Stored data:
=-=-=

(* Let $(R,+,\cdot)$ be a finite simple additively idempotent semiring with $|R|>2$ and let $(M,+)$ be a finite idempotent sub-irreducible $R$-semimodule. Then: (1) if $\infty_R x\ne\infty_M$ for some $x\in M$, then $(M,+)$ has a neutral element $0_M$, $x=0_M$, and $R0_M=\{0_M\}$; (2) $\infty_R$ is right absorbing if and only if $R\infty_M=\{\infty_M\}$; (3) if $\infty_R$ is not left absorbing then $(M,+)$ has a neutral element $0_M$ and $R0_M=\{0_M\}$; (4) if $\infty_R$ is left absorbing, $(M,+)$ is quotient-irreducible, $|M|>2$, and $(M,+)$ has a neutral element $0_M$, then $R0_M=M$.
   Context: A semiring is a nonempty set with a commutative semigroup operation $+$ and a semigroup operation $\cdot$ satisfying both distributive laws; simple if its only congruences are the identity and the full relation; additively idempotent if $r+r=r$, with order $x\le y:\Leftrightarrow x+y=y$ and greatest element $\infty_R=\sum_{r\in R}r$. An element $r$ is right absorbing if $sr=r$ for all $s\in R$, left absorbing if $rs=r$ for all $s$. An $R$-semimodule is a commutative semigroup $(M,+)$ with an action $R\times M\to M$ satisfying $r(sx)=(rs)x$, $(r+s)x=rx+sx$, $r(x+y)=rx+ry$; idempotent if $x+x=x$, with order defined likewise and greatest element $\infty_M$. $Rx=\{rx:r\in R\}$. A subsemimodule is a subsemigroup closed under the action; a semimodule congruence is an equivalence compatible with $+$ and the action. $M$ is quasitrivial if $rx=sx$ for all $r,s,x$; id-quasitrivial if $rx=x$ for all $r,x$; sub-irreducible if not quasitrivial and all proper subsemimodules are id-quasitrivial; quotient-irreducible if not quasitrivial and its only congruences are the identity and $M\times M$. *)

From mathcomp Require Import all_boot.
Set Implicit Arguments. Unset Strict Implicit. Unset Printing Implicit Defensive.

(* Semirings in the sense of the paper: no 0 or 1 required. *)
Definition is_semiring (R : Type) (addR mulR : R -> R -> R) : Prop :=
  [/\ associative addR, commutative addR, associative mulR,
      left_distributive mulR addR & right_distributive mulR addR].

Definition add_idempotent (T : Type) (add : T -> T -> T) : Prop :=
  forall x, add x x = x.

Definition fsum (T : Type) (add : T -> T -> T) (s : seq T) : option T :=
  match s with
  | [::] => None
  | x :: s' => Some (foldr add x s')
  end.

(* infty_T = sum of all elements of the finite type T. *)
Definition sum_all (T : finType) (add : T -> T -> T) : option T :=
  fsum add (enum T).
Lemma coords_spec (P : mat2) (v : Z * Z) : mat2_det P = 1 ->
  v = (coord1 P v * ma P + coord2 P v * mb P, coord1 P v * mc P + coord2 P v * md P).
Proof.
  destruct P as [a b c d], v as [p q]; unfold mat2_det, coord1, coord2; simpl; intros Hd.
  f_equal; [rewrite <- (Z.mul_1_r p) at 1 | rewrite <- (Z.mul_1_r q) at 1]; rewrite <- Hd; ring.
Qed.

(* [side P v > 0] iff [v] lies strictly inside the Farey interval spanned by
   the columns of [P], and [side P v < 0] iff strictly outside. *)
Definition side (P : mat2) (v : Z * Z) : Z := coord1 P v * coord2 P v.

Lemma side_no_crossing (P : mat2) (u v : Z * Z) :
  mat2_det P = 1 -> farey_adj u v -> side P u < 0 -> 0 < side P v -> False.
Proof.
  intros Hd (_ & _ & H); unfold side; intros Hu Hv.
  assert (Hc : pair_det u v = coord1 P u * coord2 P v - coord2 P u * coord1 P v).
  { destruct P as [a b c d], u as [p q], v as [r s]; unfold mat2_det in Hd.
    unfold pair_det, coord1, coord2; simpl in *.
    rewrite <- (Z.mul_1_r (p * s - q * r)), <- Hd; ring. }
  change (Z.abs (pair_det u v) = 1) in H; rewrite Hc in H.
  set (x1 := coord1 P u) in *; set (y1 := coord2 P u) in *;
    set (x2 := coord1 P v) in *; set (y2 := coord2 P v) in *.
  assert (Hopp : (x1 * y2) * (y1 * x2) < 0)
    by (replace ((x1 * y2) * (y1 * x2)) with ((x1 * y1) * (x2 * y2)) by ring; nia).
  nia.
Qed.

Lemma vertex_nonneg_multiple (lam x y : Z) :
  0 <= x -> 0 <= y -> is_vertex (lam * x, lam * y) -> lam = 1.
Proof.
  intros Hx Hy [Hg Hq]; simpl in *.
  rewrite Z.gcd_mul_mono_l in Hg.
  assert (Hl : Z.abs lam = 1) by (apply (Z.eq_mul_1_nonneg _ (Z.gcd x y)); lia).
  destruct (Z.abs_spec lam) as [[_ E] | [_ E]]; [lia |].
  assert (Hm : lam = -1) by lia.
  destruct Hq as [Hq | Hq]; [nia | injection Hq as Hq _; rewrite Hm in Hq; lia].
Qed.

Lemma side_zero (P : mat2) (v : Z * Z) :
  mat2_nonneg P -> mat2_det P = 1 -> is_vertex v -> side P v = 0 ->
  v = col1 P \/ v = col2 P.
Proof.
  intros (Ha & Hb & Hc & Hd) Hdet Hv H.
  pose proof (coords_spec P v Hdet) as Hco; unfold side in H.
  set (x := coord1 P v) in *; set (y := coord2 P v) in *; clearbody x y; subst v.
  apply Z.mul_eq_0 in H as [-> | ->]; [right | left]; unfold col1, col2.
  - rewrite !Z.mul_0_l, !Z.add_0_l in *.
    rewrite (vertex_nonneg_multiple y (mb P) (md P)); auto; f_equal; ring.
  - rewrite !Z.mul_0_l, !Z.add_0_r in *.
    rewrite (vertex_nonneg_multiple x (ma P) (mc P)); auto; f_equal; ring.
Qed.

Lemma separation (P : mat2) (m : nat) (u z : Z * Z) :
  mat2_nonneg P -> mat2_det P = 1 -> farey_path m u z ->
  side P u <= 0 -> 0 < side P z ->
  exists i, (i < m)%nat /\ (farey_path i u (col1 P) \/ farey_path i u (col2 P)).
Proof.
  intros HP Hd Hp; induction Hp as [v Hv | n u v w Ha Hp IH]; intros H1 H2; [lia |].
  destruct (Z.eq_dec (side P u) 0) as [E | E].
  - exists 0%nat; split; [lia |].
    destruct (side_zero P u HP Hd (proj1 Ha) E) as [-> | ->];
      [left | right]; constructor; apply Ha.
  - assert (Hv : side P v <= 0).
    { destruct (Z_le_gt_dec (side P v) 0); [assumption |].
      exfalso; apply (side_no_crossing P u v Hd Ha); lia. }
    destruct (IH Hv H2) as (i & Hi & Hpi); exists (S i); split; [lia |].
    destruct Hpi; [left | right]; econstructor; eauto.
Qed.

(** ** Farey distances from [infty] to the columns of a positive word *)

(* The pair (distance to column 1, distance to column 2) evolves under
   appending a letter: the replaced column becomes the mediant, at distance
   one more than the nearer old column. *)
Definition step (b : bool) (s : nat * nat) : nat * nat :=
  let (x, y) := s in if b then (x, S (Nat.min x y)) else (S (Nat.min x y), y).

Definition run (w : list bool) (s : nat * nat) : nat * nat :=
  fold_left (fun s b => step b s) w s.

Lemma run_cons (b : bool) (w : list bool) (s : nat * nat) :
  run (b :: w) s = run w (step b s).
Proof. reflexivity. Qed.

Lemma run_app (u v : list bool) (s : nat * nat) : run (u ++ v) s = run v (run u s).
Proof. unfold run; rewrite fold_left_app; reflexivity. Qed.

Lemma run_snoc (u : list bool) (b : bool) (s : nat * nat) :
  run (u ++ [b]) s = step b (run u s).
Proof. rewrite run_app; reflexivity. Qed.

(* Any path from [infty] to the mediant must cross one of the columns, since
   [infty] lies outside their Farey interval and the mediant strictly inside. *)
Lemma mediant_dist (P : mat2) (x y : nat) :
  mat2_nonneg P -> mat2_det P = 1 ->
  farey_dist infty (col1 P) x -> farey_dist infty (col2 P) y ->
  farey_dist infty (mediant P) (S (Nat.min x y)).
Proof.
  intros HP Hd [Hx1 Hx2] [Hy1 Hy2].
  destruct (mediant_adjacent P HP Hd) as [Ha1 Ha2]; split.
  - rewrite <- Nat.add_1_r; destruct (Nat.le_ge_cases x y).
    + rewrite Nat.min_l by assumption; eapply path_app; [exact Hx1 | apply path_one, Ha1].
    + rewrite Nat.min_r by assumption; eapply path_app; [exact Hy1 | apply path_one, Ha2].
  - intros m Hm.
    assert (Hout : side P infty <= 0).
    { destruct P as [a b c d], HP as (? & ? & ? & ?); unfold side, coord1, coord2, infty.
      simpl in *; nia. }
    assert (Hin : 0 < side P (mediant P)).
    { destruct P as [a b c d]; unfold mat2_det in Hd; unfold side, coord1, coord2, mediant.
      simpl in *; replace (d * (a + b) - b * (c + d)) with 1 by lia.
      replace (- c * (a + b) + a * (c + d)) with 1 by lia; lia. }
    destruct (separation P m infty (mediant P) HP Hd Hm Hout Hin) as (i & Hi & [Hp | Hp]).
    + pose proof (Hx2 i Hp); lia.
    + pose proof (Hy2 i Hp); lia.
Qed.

=-=-=

Say how many lines in the records hold the string "exact", and say nothing else.

2